Note: I cannot reproduce this situation anymore on my MacBook. This was on windows, this might be corrected or not. In any case the discussion is interesting, but I'm not sure if it's still valid.

Related to: Convert upper case words to title case

Some code that uses strings fetched from online doesn't behave as I expect, you can reproduce the issue by running the following:

library(xml2)
library(magrittr)
x <- xml2::read_html("https://poesie.webnet.fr/lesgrandsclassiques/Authors/B") %>%
  gsub("^.*?<span>(Pierre-Jean de BÉRANGER)</span>.*$","\\1",.)
x # [1] "Pierre-Jean de BÉRANGER"

This string is identical to "Pierre-Jean de BÉRANGER" copied/pasted from page source, however the following behavior is very disturbing to me:

y <- "Pierre-Jean de BÉRANGER"
x == y  # TRUE
identical(x, y) # TRUE
gsub("\\b([A-Z])(\\w+)\\b", "\\1\\L\\2", x, perl = TRUE) # [1] "Pierre-Jean de BÉRANGER"
gsub("\\b([A-Z])(\\w+)\\b", "\\1\\L\\2", y, perl = TRUE) # [1] "Pierre-Jean de Béranger"
grepl("\\bB\\w+", x, perl = TRUE) # FALSE
grepl("\\bB\\w+", y, perl = TRUE) # TRUE
grepl("\\bB\\w", x, perl = TRUE)  # TRUE
grepl("\\bB\\w", y, perl = TRUE)  # TRUE

If x and y are identical, how can these give a different output ?

?identical :

The safe and reliable way to test two objects for being exactly equal


Edit:

Here's an observable difference :

Encoding(x) # "UTF-8"
Encoding(y) # "latin1"

I'm running R version 3.5.0 on Windows


Solution

  • If you check out the source of the identical() function, you can see that when it's passed a CHARSXP value (a character vector), it calls the internal helper function Seql().
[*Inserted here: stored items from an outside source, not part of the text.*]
Theorem mainTheorem5 (R : realType) (n : nat) (Om1 Om2 : set 'rV[R]_n) (eps : R) :
  nearly_convex Om1 -> nearly_convex Om2 -> 0 <= eps ->
  ri Om1 `&` ri Om2 !=set0 ->
  forall xbar, (Om1 `&` Om2) xbar ->
    eps_normal eps xbar (Om1 `&` Om2) =
    [set xi | exists e1 e2 : R, [/\ 0 <= e1, 0 <= e2, e1 + e2 = eps &
        msum (eps_normal e1 xbar Om1) (eps_normal e2 xbar Om2) xi]].
Proof.
move=> [E1 [cE1 [E1_Om1 Om1_E1]]] [E2 [cE2 [E2_Om2 Om2_E2]]] _ [x0 [ri1 ri2]] xbar [Om1xbar Om2xbar].
apply/seteqP; split=> [xi xi_normal|xi [e1 [e2 [_ _ <-]]]]; last exact: msum_eps_normal.
have [r1 r1_gt0 core1] := ri_core cE1 E1_Om1 Om1_E1 ri1.
have [r2 r2_gt0 core2] := ri_core cE2 E2_Om2 Om2_E2 ri2.
pose r := Order.min r1 r2.
have r_gt0 : 0 < r by rewrite lt_min r1_gt0 r2_gt0.
have [r_le1 r_le2] : r <= r1 /\ r <= r2 by rewrite !ge_min !lexx orbT.
have [a sepE] := normal_separation cE1 cE2 E1_Om1 E2_Om2 ri1.1 ri2.1 r_gt0
  (subset_trans (rel_ballS r_le1) core1) (subset_trans (rel_ballS r_le2) core2) xi_normal.
have sepOm x y : Om1 x -> Om2 y -> dotp a (x - xbar) + dotp (xi - a) (y - xbar) <= eps.
  move=> Om1x Om2y; have := closure_e_dotp_sep sepE _ _ (Om1_E1 _ Om1x) (Om2_E2 _ Om2y).
  by rewrite !dotpBr !dotpBl; lra.
have [e1 [e2 [e1_ge0 e2_ge0 e12 N1a N2b]]] := eps_normal_split Om1xbar Om2xbar sepOm.
by exists e1, e2; split=> //; exists a, (xi - a); rewrite subrKC.
Qed.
That function converts string values to UTF prior to doing the comparison. Thus identical isn't checking that the encoding is necessarily the same, just that the value embded in the encoding is the same.

    In a perfect world, the identical() function should have an ignore.encoding= option in addition to all the other properties you can ignore when doing a comparison.

    But in theory the strings should really behave in the same way. So I guess you could blame the "perl" version of the regexpr engine here for not properly dealing with encoding. The base regexpr engine doesn't seem to have this problem

    grepl("B\\w+", x)
    # [1] TRUE
    grepl("B\\w+", y)
    # [1] TRUE